Золотая паутина - Гандольфи Саймон. Страница 55
– Мои соболезнования, сеньора, – сказал Эстобан матери Родди. – Это было трагическое происшествие на море.
– А вам было приказано обследовать северное побережье, лейтенант, – обратился он к Родди. – Смотрите, как бы неподчинение приказам не вошло у вас в привычку.
Родди не сразу понял, что он имеет в виду.
Когда горы очистились от тумана, на морском побережье возле городка приземлились вертолеты.
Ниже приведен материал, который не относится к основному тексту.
(* Increments of the polygonal when the letters are read off the orbit
   itself: the squared abscissa goes to the a-side in the open right
   half-plane and to the b-side otherwise. *)
Definition weight_a (u : R * R) : R := if 0 < u.1 then u.1 ^+ 2 else 0.
Definition weight_b (u : R * R) : R := if 0 < u.1 then 0 else u.1 ^+ 2.
Definition wa (t : nat) : R := weight_a (orb t).
Definition wb (t : nat) : R := weight_b (orb t).

(* The vertex Gamma_(t-1) of the polygonal of the orbit, and the cross
   product detecting collinearity with the origin. *)
Definition vertex (t : nat) : R * R := (bsum wa 0 t, bsum wb 0 t).
Definition cross (u v : R * R) : R := u.1 * v.2 - u.2 * v.1.

Lemma wa_ge0 t : 0 <= wa t.
Proof. by rewrite /wa /weight_a; case: ifP => _ //; rewrite sqr_ge0. Qed.

Lemma wb_ge0 t : 0 <= wb t.
Proof. by rewrite /wb /weight_b; case: ifP => _ //; rewrite sqr_ge0. Qed.

Lemma weights_rescaled (z0 T : nat) (k : R) : 0 < k ->
  orb (z0 + T) = scale k (orb z0) -> forall i s,
  wa (z0 + i * T + s) = (k ^+ 2) ^+ i * wa (z0 + s) /\
  wb (z0 + i * T + s) = (k ^+ 2) ^+ i * wb (z0 + s).
Proof.
move=> k0 HT i s; rewrite /wa /wb (orbit_rescaled k0 HT) /weight_a /weight_b /=.
rewrite pmulr_rgt0 ?exprn_gt0 //.
by case: ifP => _; rewrite ?mulr0 // exprMn -!exprM mulnC.
Qed.

Lemma vertex_rescaled (z0 T : nat) (k : R) : 0 < k ->
  orb (z0 + T) = scale k (orb z0) -> forall i s,
  vertex (z0 + i * T + s) =
    (bsum wa 0 z0 + geom (k ^+ 2) i * bsum wa z0 T + (k ^+ 2) ^+ i * bsum wa z0 s,
     bsum wb 0 z0 + geom (k ^+ 2) i * bsum wb z0 T + (k ^+ 2) ^+ i * bsum wb z0 s).
Proof.
move=> k0 HT i s; have Hw := weights_rescaled k0 HT.
by rewrite /vertex !(@bsum_period _ _ z0 T (k ^+ 2)) // => j m; have [] := Hw j m.
Qed.

Lemma on_segment_origin (P B : R * R) : on_segment P (0, 0) B -> cross P B = 0.
Proof.
by case=> s [_ [e1 e2]]; rewrite /cross e1 e2 /= !subr0 !add0r; ring.
Qed.

Definition follows (w : word) : Prop :=
  forall t, (t < size w)%N -> nth La w t <> letter_of (orb t) -> xcoord t = 0.

Lemma legal_follows (w : word) : legal w c -> follows w.
Proof.
case=> _ [_ [_ Heqv]] t ht hne; apply: (Heqv t ht).
by rewrite /itinerary nth_mkseq.
Qed.

Lemma letter_off_axis (u : R * R) : u.1 != 0 -> (letter_of u == La) = (0 < u.1).
Proof. by move=> h; rewrite /letter_of /in_a (negbTE h) orbF; case: ifP. Qed.

Lemma Qp_orbit (w : word) : follows w ->
  forall t, (t <= size w)%N -> Qp w c t = ((orb t).2, xcoord t).
Proof.
move=> Hw; elim=> [|t IH] ht //=; rewrite IH 1?ltnW //= /Fmap /=; congr (_, _).
case: (eqVneq (nth La w t) (letter_of (orb t))) => [-> //|/eqP hne].
by rewrite (Hw t ht hne) !mulr0.
Qed.

Lemma Q_orbit (w : word) : follows w ->
  forall t, (t <= size w)%N -> Q w c t = xcoord t.
Proof. by move=> Hw t ht; rewrite /Q Qp_orbit. Qed.

Lemma Gamma_orbit (w : word) : follows w ->
  forall t, (t < size w)%N -> Gamma w c t = vertex t.+1.
Proof.
move=> Hw t ht; rewrite /Gamma /vertex /bsum.
have letter_i : forall i, (i < t.+1)%N -> xcoord i != 0 ->
    (nth La w i == La) = (0 < xcoord i).
  move=> i hi hx; rewrite -letter_off_axis //.
  case: (eqVneq (nth La w i) (letter_of (orb i))) => [->//|/eqP hne].
  by rewrite (Hw i (leq_trans hi ht) hne) eqxx in hx.
congr (_, _); apply: eq_big_nat => i /andP[_ hi];
  rewrite add0n /wa /wb /weight_a /weight_b (Q_orbit Hw (ltnW (leq_trans hi ht)));
  case: (eqVneq (xcoord i) 0) => [->|hx]; rewrite ?ltxx ?expr0n ?if_same //.
  by rewrite letter_i.
by rewrite -letter_i //; case: (nth La w i).
Qed.

End OrbitPolygonal.

Lemma zero_residue (R : realType) (c : R * R) (z0 T m : nat) (k : R) :
  0 < k -> (0 < T)%N -> Defs.orbit c (z0 + T) = scale k (Defs.orbit c z0) ->
  (z0 <= m)%N -> (Defs.orbit c m).1 = 0 ->
  m = (z0 + (m - z0) %/ T * T + (m - z0) %% T)%N /\
  (Defs.orbit c (z0 + (m - z0) %% T)).1 = 0.
Proof.
move=> k0 T0 HT zm xm.
have em : m = (z0 + (m - z0) %/ T * T + (m - z0) %% T)%N.
  by rewrite -addnA -divn_eq subnKC.
split=> //; move: xm; rewrite {1}em (orbit_rescaled k0 HT) /= => /eqP.
by rewrite mulf_eq0 expf_eq0 (gt_eqF k0) andbF => /eqP.
Qed.

Section FirstPassage.
Variables (R : realType) (c : R * R) (p : nat).
Local Notation orb := (Defs.orbit c).
Local Notation xcoord t := (orb t).1.

Hypothesis p_gt1 : (1 < p)%N.
Hypothesis x_pos : forall i, (0 < i < p)%N -> 0 < xcoord i.
Hypothesis x_p : xcoord p = 0.

Lemma first_passage : exists2 lam : R, 0 < lam &
  orb p = (0, lam) /\ orb p.+1 = (- lam, 0).
Proof.
have lam0 : 0 < xcoord p.-1 by apply: x_pos; lia.
have op : orb p = (0, xcoord p.-1).
  by rewrite -x_p -(prednK (ltnW p_gt1)) /= /Fmap.
exists (xcoord p.-1) => //; split=> //.
rewrite /= op /Fmap /letter_of /in_a /= ltxx eqxx /= leNgt lam0 /=.
by rewrite mulr0 sub0r.
Qed.

Lemma wb_after_first_passage : 0 < wb c p.+1.
Proof.
have [lam lam0 [_ op1]] := first_passage.
by rewrite /wb /weight_b op1 /= oppr_gt0 (lt_gtF lam0) sqrrN exprn_gt0.
Qed.

Lemma bsum_wb_first_passage : bsum (wb c) 0 p = 0.
Proof.
rewrite /bsum big_nat_cond big1 // => i /andP[/andP[_ hi] _].
rewrite add0n /wb /weight_b; case: (posnP i) => [->|i0].
  by rewrite /= ltxx expr0n.
by rewrite x_pos // i0.
Qed.

Lemma bsum_wa_first_passage : 0 < bsum (wa c) 0 p.
Proof.
apply: lt_le_trans (bsum_ge_term 0 (@wa_ge0 _ c) p_gt1).
by rewrite /wa add0n orbit1 /weight_a /= ltr01 expr1n.
Qed.

Lemma next_return (n : nat) : (p < n)%N -> xcoord n = 0 ->
  exists p2, [/\ (p.+1 < p2)%N, xcoord p2 = 0 &
                 forall m, (p < m < p2)%N -> xcoord m != 0].
Proof.
move=> pn xn; have hex : exists m, (p < m)%N && (xcoord m == 0).
  by exists n; rewrite pn xn eqxx.
case: (ex_minnP hex) => p2 /andP[pp2 /eqP x2] p2_min; exists p2; split=> //.
- rewrite ltn_neqAle pp2 andbT; apply/eqP => e; move: x2; rewrite -e.
  have [lam lam0 [_ ->]] := first_passage.
  by move/eqP; rewrite /= oppr_eq0 gt_eqF.
- move=> m /andP[pm mp2]; apply/eqP => xm.
  by have := p2_min m; rewrite pm xm eqxx leqNgt mp2 => /(_ isT).
Qed.

End FirstPassage.

Section ReturnToAxis.
Variables (R : realType) (c : R * R) (p p2 t n : nat).
Local Notation orb := (Defs.orbit c).
Local Notation xcoord t := (orb t).1.

Hypothesis p_gt1 : (1 < p)%N.
Hypothesis x_pos : forall i, (0 < i < p)%N -> 0 < xcoord i.
Hypothesis x_p : xcoord p = 0.
Hypotheses (p2_gt : (p.+1 < p2)%N) (x_p2 : xcoord p2 = 0).
Hypothesis no_zero : forall m, (p < m < p2)%N -> xcoord m != 0.
Hypotheses (p_le_t : (p <= t)%N) (t_lt_n : (t < n)%N).
Hypotheses (x_t : xcoord t = 0) (x_n : xcoord n = 0) (y_n : 0 <= (orb n).2).

(* Return on L^-: the orbit is a rescaled copy of itself with period p2,
   whose zeros are the times i p2 and i p2 + p. *)
Lemma return_to_Lminus : (orb p2).2 < 0 -> cross (vertex c t) (vertex c n) != 0.
Proof.
move=> y2_neg; set k := - (orb p2).2; have k0 : 0 < k by rewrite oppr_gt0.
have HT : orb (0 + p2) = scale k (orb 0).
  by rewrite add0n /scale /= mulr0 mulrN1 opprK -x_p2; case: (orb p2).
have p2_gt0 : (0 < p2)%N by lia.
have zeros m : xcoord m = 0 ->
    exists i, m = (0 + i * p2 + 0)%N \/ m = (0 + i * p2 + p)%N.
  move=> xm; have [em xr] := zero_residue k0 p2_gt0 HT (leq0n m) xm.
  rewrite subn0 add0n in em; rewrite subn0 add0n in xr.
  exists (m %/ p2)%N; rewrite !add0n.
  have r_lt : (m %% p2 < p2)%N by rewrite ltn_pmod.
  case: (ltngtP (m %% p2) p) => [r_lt_p|r_gt_p|r_p]; last by right; rewrite -r_p.
    left; case: (posnP (m %% p2)) => [r0|r_gt0]; first by rewrite {1}em r0.
    suff : 0 < xcoord (m %% p2)%N by rewrite xr ltxx.
    by apply: x_pos; rewrite r_gt0 r_lt_p.
  suff : xcoord (m %% p2)%N != 0 by rewrite xr eqxx.
  by apply: no_zero; rewrite r_gt_p r_lt.
have [K [en|en]] := zeros n x_n.
  move: y_n; rewrite en (orbit_rescaled k0 HT) /= mulrN1 oppr_ge0.
  by rewrite leNgt exprn_gt0.
have Ea : 0 < bsum (wa c) 0 p := bsum_wa_first_passage c p_gt1.
have Yb : 0 < bsum (wb c) 0 p2.
  apply: lt_le_trans (wb_after_first_passage p_gt1 x_pos x_p) _.
  by have := bsum_ge_term 0 (@wb_ge0 _ c) p2_gt; rewrite add0n.
have rho_gt0 : 0 < k ^+ 2 by rewrite exprn_gt0.
have [i [et|et]] := zeros t x_t.
- have i_gt0 : (0 < i)%N by move: p_le_t; rewrite et; case: i {et} => //; lia.
  have -> : cross (vertex c t) (vertex c n) =
      - (geom (k ^+ 2) i * bsum (wb c) 0 p2 * (k ^+ 2) ^+ K * bsum (wa c) 0 p).
    rewrite et en !(vertex_rescaled k0 HT) /cross /= !bsum0.
    by rewrite (bsum_wb_first_passage x_pos); ring.
  by rewrite oppr_eq0 gt_eqF // !mulr_gt0 ?exprn_gt0 ?geom_gt0.
- have [d eK] : exists d, K = (i + d.+1)%N.
    by exists (K - i).-1; move: t_lt_n; rewrite et en; nia.
  rewrite {}eK in en.
  have -> : cross (vertex c t) (vertex c n) =
      bsum (wa c) 0 p * bsum (wb c) 0 p2 * ((k ^+ 2) ^+ i * geom (k ^+ 2) d.+1).
    rewrite et en !(vertex_rescaled k0 HT) /cross /= !bsum0.
    by rewrite (bsum_wb_first_passage x_pos) geom_split exprD; ring.
  by rewrite gt_eqF // !mulr_gt0 ?exprn_gt0 ?geom_gt0.
Qed.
Подразделения особого назначения прочесывали прибрежный район в поисках людей со сторожевого катера. Одновременно береговая охрана занималась поисками второй шлюпки.
Пепито отбуксировал «Золотую девушку» обратно к деревянному причалу и стал готовить кофе. Трент и Эстобан в это время приняли душ и переоделись в сухую одежду. Мексиканец казался слишком крупным для кают-компании катамарана. Поставив чашки и кофейник на стол, он грузно уселся против Эстобана, ссутулив плечи; грива черных волос спускалась ему на лоб, так что Трент не мог разглядеть выражения его глаз.
– Если бы ты был помельче ростом, – сказал Трент, – я вышиб бы тебе мозги за то, что ты втянул меня в это дело. Это относится также и к вам, и к вашему дружку О'Брайану, – добавил он, обращаясь к Эстобану. – Этакая маленькая тройка.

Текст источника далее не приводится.